Je suis déforable au décret pour les raisons suivantes :
• La volonté de simplification administrative conduit à une réduction écologique du sujet : le bocage est traité comme un simple alignement arboré, sans prise en compte de sa structure (arbres, arbustes, strate herbacée, talus), de sa dynamique ni de ses interactions paysagères.
• Le texte juxtapose objectifs de protection et procédures de destruction, créant un cadre contradictoire qui ne garantit pas la conservation des continuités écologiques.
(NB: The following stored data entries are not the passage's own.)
Lemma next_potential_random d h rule p : p <> [] -> walk_inv d h p ->
  covered d h p = false -> unused_nbrs d h p = [] ->
  next_potential d h rule p <= potential d h p - 1.
Proof.
  intros Hp Hi Hcov Hnil.
  assert (Hall : forall w, In w (nbrs d h (cur p)) -> used p (cur p) w = true)
    by (intros w; apply (unused_nbrs_nil d h); exact Hnil).
  assert (Hx : cur p <> []).
  { intros Hx. rewrite covered_of_subtree_used in Hcov; [discriminate|].
    rewrite <- Hx. apply subtree_used_cur; [exact Hi|].
    intros c Hc. apply Hall, In_nbrs; auto. }
  unfold next_potential, step. rewrite Hnil.
  set (U := unused_weight d h p).
  rewrite (sumR_ext _ _ (fun w : V => / INR (length (nbrs d h (cur p))) * (U + climb_time d h (length w))))
    by (intros w Hw; unfold potential; rewrite cur_app, unused_weight_used_step; auto).
  rewrite sumR_scal. unfold potential. fold U.
  destruct (exists_last Hx) as [y [l Hxy]]. set (m := length y).
  assert (Hm : length (cur p) = S m) by (rewrite Hxy; apply length_snoc).
  rewrite nbrs_nonroot by exact Hx. rewrite Hm.
  replace (removelast (cur p)) with y by (rewrite Hxy, removelast_last; reflexivity).
  unfold children. rewrite Hm. destruct (Nat.ltb_spec (S m) h) as [Hlt|Hge].
  - rewrite length_cons, length_map, length_seq.
    change (sumR ?f (y :: ?l)) with (f y + sumR f l). rewrite sumR_map.
    rewrite (sumR_ext _ _ (fun _ => U + climb_time d h (S (S m))))
      by (intros i _; rewrite length_snoc, Hm; reflexivity).
    rewrite sumR_const, length_seq, S_INR. fold m.
    assert (Hh := climb_time_inner d h m Hlt). assert (0 <= INR d) by apply pos_INR.
    replace (U + climb_time d h m + INR d * (U + climb_time d h (S (S m))))
      with ((INR d + 1) * (U + climb_time d h (S m) - 1)) by lra.
    apply Req_le. field. lra.
  - cbn [length sumR map fold_right]. fold m. simpl (INR 1).
    rewrite (climb_time_leaf d h m) by (destruct (proj1 (In_verts d h _) (inv_vertex Hi)); lia).
    lra.
Qed.

Lemma next_potential_greedy d h rule p : valid_rule d h rule -> p <> [] -> walk_inv d h p ->
  unused_nbrs d h p <> [] -> next_potential d h rule p <= potential d h p - 1.
Proof.
  intros Hv Hp Hi Hun. destruct (Hv p Hun) as [Hnn [Hz Hs]].
  unfold next_potential, step. destruct (unused_nbrs d h p) eqn:E; [congruence|].
  rewrite <- E in *.
  apply Rle_trans with (sumR (fun w => rule p w * (potential d h p - 1)) (nbrs d h (cur p))).
  - apply sumR_le. intros w Hw.
    destruct (in_dec (list_eq_dec Nat.eq_dec) w (unused_nbrs d h p)) as [Hin|Hnin].
    + apply Rmult_le_compat_l; [apply Hnn|].
      apply potential_down; [exact Hp|exact Hi|apply unused_nbr_child; assumption|].
      apply In_unused_nbrs in Hin; tauto.
    + rewrite Hz by exact Hnin. lra.
  - assert (Hsum : sumR (rule p) (nbrs d h (cur p)) = 1).
    { rewrite <- Hs. symmetry. apply sumR_filter.
      intros w Hw Hf. apply Hz. intros Hin. apply filter_In in Hin as [_ Ht]. congruence. }
    rewrite (sumR_ext _ _ (fun w => (potential d h p - 1) * rule p w)) by (intros; lra).
    rewrite sumR_scal, Hsum. lra.
Qed.

(* Paths of probability 0 may violate the invariant: the rule may put no mass on them. *)
Lemma dist_support d h rule : valid_rule d h rule -> forall t pq, In pq (Defs.dist d h rule t) ->
  fst pq <> [] /\ 0 <= snd pq /\ (snd pq = 0 \/ walk_inv d h (fst pq)).
Proof.
  intros Hv t. induction t as [|t IH]; intros pq Hpq; simpl in Hpq.
  - destruct Hpq as [<-|[]]. simpl. split; [congruence|]. split; [lra|].
    right; apply walk_inv_init.
  - apply in_flat_map in Hpq as [[p q] [Hin Hm]]. apply in_map_iff in Hm as [w [<- Hw]].
    cbn [fst snd] in *. destruct (IH _ Hin) as [Hp [Hq HI]]. cbn [fst snd] in *.
    assert (Hs := step_nonneg d h rule p w Hv).
    split; [destruct p; simpl; congruence|]. split; [apply Rmult_le_pos; assumption|].
    destruct HI as [->|HI]; [left; lra|].
    destruct (Req_dec (step d h rule p w) 0) as [Hzero|Hnz]; [left; rewrite Hzero; lra|].
    right. apply walk_inv_step; try assumption.
    destruct (unused_nbrs d h p) eqn:E; [left; reflexivity|right].
    destruct (in_dec (list_eq_dec Nat.eq_dec) w (unused_nbrs d h p)) as [Hwin|Hwout].
    + rewrite E in Hwin; exact Hwin.
    + exfalso. apply Hnz. unfold step. rewrite E. apply Hv; [rewrite E; congruence|exact Hwout].
Qed.

Definition expected_potential d h rule t : R :=
  sumR (fun pq => snd pq * (if covered d h (fst pq) then 0 else potential d h (fst pq)))
       (Defs.dist d h rule t).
• Les éléments naturalistes sont quasi absents : aucune typologie des haies, aucun rappel de leur rôle dans la trame verte, leurs fonctions hydrologiques, microclimatiques, ou leurs contributions à la biodiversité ordinaire et patrimoniale.
• L’absence de définition fonctionnelle de la haie (haie arborée, arbustive ou simples fourrés, talutée ou à plat, ourlets, lisières…) traduit une méconnaissance du gradient écologique réel présent dans les réseaux bocagers.
• Les bocages sont des écosystèmes complexes : refuges à insectes, corridor pour les chiroptères, zones d’hivernage, ressources trophiques, structures culturales historiques. Leur valeur n’est pas prise en compte dans les critères du décret.
• Distinguer « haie remarquable » et « haie banale » n’a pas de sens écologique à l’échelle du réseau bocager : sa fonctionnalité découle du maillage complet, pas de quelques éléments isolés.
• Les régimes de déclaration / autorisation sont peu lisibles. L’unique critère explicite — présence d’espèces protégées — ignore la biodiversité discrète ou difficile à détecter, comme les invertébrés saproxyliques (qui vivent dans le bois en décomposition), ou les espèces saisonnières.
• Le texte induit une logique dangereuse : pas d’espèces protégées détectées = haie banale = destruction plus facile. Cela ignore les limites des prospections, les variations saisonnières et la complexité des communautés faunistiques et floristiques.
• L’évaluation écologique de la haie est laissée dans le flou : méthodes non précisées, absence de protocole standardisé, pas de référence à l’écologie du paysage.
• La séquence Éviter – Réduire – Compenser (ERC) est tronquée : seule la compensation est évoquée. Les étapes d’évitement (cartographie fine, recherche d’alternatives) ne sont pas exigées.
• Les mesures de compensation reposent quasi exclusivement sur des plantations, sans considérer la régénération naturelle, les dynamiques de recolonisation, ni la valeur patrimoniale des talus anciens. On confond recréation de linéaire et restauration fonctionnelle, ce qui est scientifiquement infondé.
• Compenser un linéaire par un linéaire est une approche quantitative mais pas qualitative : âge, largeur, structure, réseaux racinaires, sols associés, communautés animales et végétales originales et complexes, continuités ne sont pas reproductibles à court terme. Le gain écologique n’est pas démontré.
• Les contraintes du calendrier d’intervention ne mentionnent que les oiseaux, ignorant totalement les cycles biologiques des chauves-souris, insectes, reptiles, amphibiens et plantes. Approche insuffisamment naturaliste et systémique.
• Le décret semble surtout pensé pour les aménageurs dotés de bureaux d’étude, et peu applicable aux agriculteurs, pourtant au cœur de la gestion des haies.
• Les sanctions et contrôles ne sont pas précisés : pas de garantie de protection réelle.
• Enfin, l’« avis favorable » automatique en cas d’absence de réponse administrative constitue un risque évident pour la biodiversité et devrait être inversé en « avis défavorable ».
En résumé
Le projet de décret méconnaît les réalités écologiques des haies et du bocage, manque de rigueur scientifique et affaiblit fortement la protection des haies. Il ouvre la voie à des destructions difficilement compensables et contraires à la conservation des continuités écologiques.